Once upon a time, I could read old English, by which I mean of course, Anglo Saxon. I read Beowulf and poetry with internal rhyme. (Don’t ask.) I had to do that in order to earn an English degree. Either before of after that I could read Middle English and The Canterbury Tales. In the original!
I’m not bragging. I didn’t much enjoy doing either. I slogged through in the summer heat at the University of Toronto, running home each night to two toddlers and a stoic husband, who washed dishes.
I mention these reading skills because I have recently been reminded of another amazing achievement of reading comprehension. I once understood Eleanor Catton’s The Luminaries.
Or at least I pretended to.
I wrote 3 blog posts about it, a review – in which I announced that I was about to start reading it all over again, https://115journals.com/2014/03/27/the-luminaries-eleanor-cattons-booker-prize-winning-novel/ a timeline of events https://115journals.com/2014/04/05/deconstructing-the-luminarie and a timeline about the trove of gold https://115journals.com/2014/04/14/deconstructing-the-luminaries-2-the-gold-trail/. I was reminded of these posts when another blogger referred to them yesterday. https://siowyookpeng.wordpress.com/2018/09/08/the-luminaries/
The bad news is I cannot now understand the posts, never mind the actual novel.

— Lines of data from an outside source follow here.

Lemma invSn_itv01 k : 0 <= (k.+1%:R : R)^-1 <= 1.
Proof. by rewrite invr_ge0 ler0n invf_le1 ?ltr0n // ler1n. Qed.

Lemma iter_bary_aux_lipschitz_start k c c' s :
  (k%:R + (size s)%:R) * d (ibary k c s) (ibary k c' s) <= k%:R * d c c'.
Proof.
elim: s k c c' => [|y s IHs] k c c' /=; first by rewrite addr0.
rewrite (_ : k%:R + _ = k.+1%:R + (size s)%:R); last by rewrite -!natr1; ring.
apply: le_trans (IHs _ _ _) _.
have := ler_wpM2l (ler0n R k.+1) (dist_geo_le_start c c' y (invSn_itv01 k)).
by rewrite mulrA mulrBr mulr1 mulfV ?pnatr_eq0 // -natr1 addrK.
Qed.

Lemma iter_bary_aux_lipschitz_entry k c p q y y' :
  (k%:R + (size p)%:R + (size q)%:R + 1)
    * d (ibary k c (p ++ y :: q)) (ibary k c (p ++ y' :: q)) <= d y y'.
Proof.
elim: p k c => [|z p IHp] k c /=.
  rewrite (_ : _ + 1 = k.+1%:R + (size q)%:R); last by rewrite -!natr1; ring.
  apply: le_trans (iter_bary_aux_lipschitz_start _ _ _ _) _.
  have := ler_wpM2l (ler0n R k.+1) (dist_geo_le_end c y y' (invSn_itv01 k)).
  by rewrite mulrA mulfV ?pnatr_eq0 // mul1r.
by rewrite (_ : k%:R + _ = k.+1%:R + (size p)%:R) ?IHp //; rewrite -!natr1; ring.
Qed.

Variables (n : nat) (x : 'I_n -> M) (b : M).
Hypothesis hn : (0 < n)%N.

Definition frechet (w : M) : R := mean (fun i => d (x i) w ^+ 2).

Hypothesis hb : forall w, frechet b <= frechet w.

Lemma variance_ineq z : frechet b + d b z ^+ 2 <= frechet z.
Proof.
set dl := d b z ^+ 2.
have dl_ge0 : 0 <= dl by exact: sqr_ge0.
have near_b t : 0 < t <= 1 -> frechet b <= frechet z - (1 - t) * dl.
  move=> /andP[t_gt0 t_le1].
  have : frechet b <= (1 - t) * frechet b + t * frechet z - t * (1 - t) * dl.
    apply: le_trans (hb (geo b z t)) _.
    rewrite (_ : _ - _ = mean (fun i => (1 - t) * d (x i) b ^+ 2
        + t * d (x i) z ^+ 2 - t * (1 - t) * dl)); last first.
      by rewrite meanB meanD !meanZ mean_cst.
    apply: ler_mean => i; rewrite !(dist_sym (x i)).
    by apply: sqr_dist_geo_le; rewrite ltW.
  by move=> h; rewrite -(ler_pM2l t_gt0); lra.
apply/ler_addgt0Pr => e e_gt0.
set t := e / (e + dl).
have t_itv : 0 < t <= 1 by rewrite divr_gt0 ?ler_pdivrMr /=; lra.
have tdl_le : t * dl <= e by rewrite mulrAC ler_pdivrMr; nra.
by have := near_b t t_itv; lra.
Qed.

Lemma mean_sqr_dist_geo_le k c :
  k.+1%:R ^+ 2 * mean (fun i => d (geo c (x i) k.+1%:R^-1) b ^+ 2)
    <= k%:R ^+ 2 * d c b ^+ 2 + frechet b.
Proof.
set t := k.+1%:R^-1; set K := k%:R.
have tE : t = (K + 1)^-1 by rewrite /t -natr1.
have K_ge0 : 0 <= K by exact: ler0n.
have mean_le : mean (fun i => d (geo c (x i) t) b ^+ 2)
    <= (1 - t) * d c b ^+ 2 + t * frechet b - t * (1 - t) * frechet c.
  rewrite (_ : _ - _ = mean (fun i => (1 - t) * d c b ^+ 2
      + t * d (x i) b ^+ 2 - t * (1 - t) * d (x i) c ^+ 2)); last first.
    by rewrite meanB meanD !meanZ mean_cst.
  apply: ler_mean => i; rewrite (dist_sym (x i) c).
  exact: sqr_dist_geo_le (invSn_itv01 k).
have var_c : frechet b + d c b ^+ 2 <= frechet c.
  by rewrite dist_sym; exact: variance_ineq.
rewrite -natr1 -/K.
apply: le_trans (ler_wpM2l (sqr_ge0 _) mean_le) _.
rewrite (_ : _ * (_ - _)
  = (K + 1) * K * d c b ^+ 2 + (K + 1) * frechet b - K * frechet c).
  by have := ler_wpM2l K_ge0 var_c; lra.
by rewrite tE; field; lra.
Qed.

Lemma iter_bary_aux_sqr_dist_le j k c :
  (k%:R + j%:R) ^+ 2 * avg j (fun s => d (ibary k c (map x s)) b ^+ 2)
    <= k%:R ^+ 2 * d c b ^+ 2 + j%:R * frechet b.
Proof.
elim: j k c => [|j IHj] k c /=; first by rewrite addr0 mul0r addr0.
rewrite (_ : k%:R + _ = k.+1%:R + j%:R); last by rewrite -!natr1; ring.
rewrite -meanZ; apply: le_trans (ler_mean (fun i => IHj k.+1 _)) _.
rewrite meanD meanZ mean_cst //.
by have := mean_sqr_dist_geo_le k c; rewrite -[j.+1%:R]natr1; lra.
Qed.

Definition sample_bary (s : seq 'I_n) : M :=
  iter_bary geo (fun k => k%:R^-1) b (map x s).

Lemma avg_sqr_dist_sample_bary_le m : (0 < m)%N ->
  m%:R * avg m (fun s => d (sample_bary s) b ^+ 2) <= frechet b.
Proof.
case: m => // m _; rewrite /sample_bary /=.
have m1_gt0 : 0 < 1 + m%:R :> R by rewrite addrC natr1 ltr0n.
rewrite (_ : m.+1%:R = 1 + m%:R); last by rewrite -natr1 addrC.
rewrite -(ler_pM2l m1_gt0) mulrA -expr2 -meanZ.
apply: le_trans (ler_mean (fun i => iter_bary_aux_sqr_dist_le m 1 (x i))) _.
by rewrite meanD meanZ mean_cst // mulr1n expr1n mul1r -/(frechet b); lra.
Qed.

Definition diam : R := \big[Num.max/0]_(i < n) \big[Num.max/0]_(j < n) d (x i) (x j).

Lemma dist_le_diam i j : d (x i) (x j) <= diam.
Proof.
apply: le_trans (le_bigmax _ _ i).
exact: (le_bigmax _ (fun j => d (x i) (x j)) j).
Qed.

Lemma diam_ge0 : 0 <= diam.
Proof. exact: bigmax_ge_id. Qed.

I had suspected this for a while because I could no longer answer questions posed by readers of these posts, but now I know for sure.
Really it was a waste of time for me to reread them, but I was waiting for my nails to dry.
I admit that I have also lost much of my French vocabulary, my Latin declensions, and all my algebra, except that joke – Stop asking us to find your ex; she’s not coming back and don’t ask why.
Use it or lose it.
Which doesn’t explain why I can’t remember the password for that damned Movie-Frame account I am trying to cancel before the free days run out.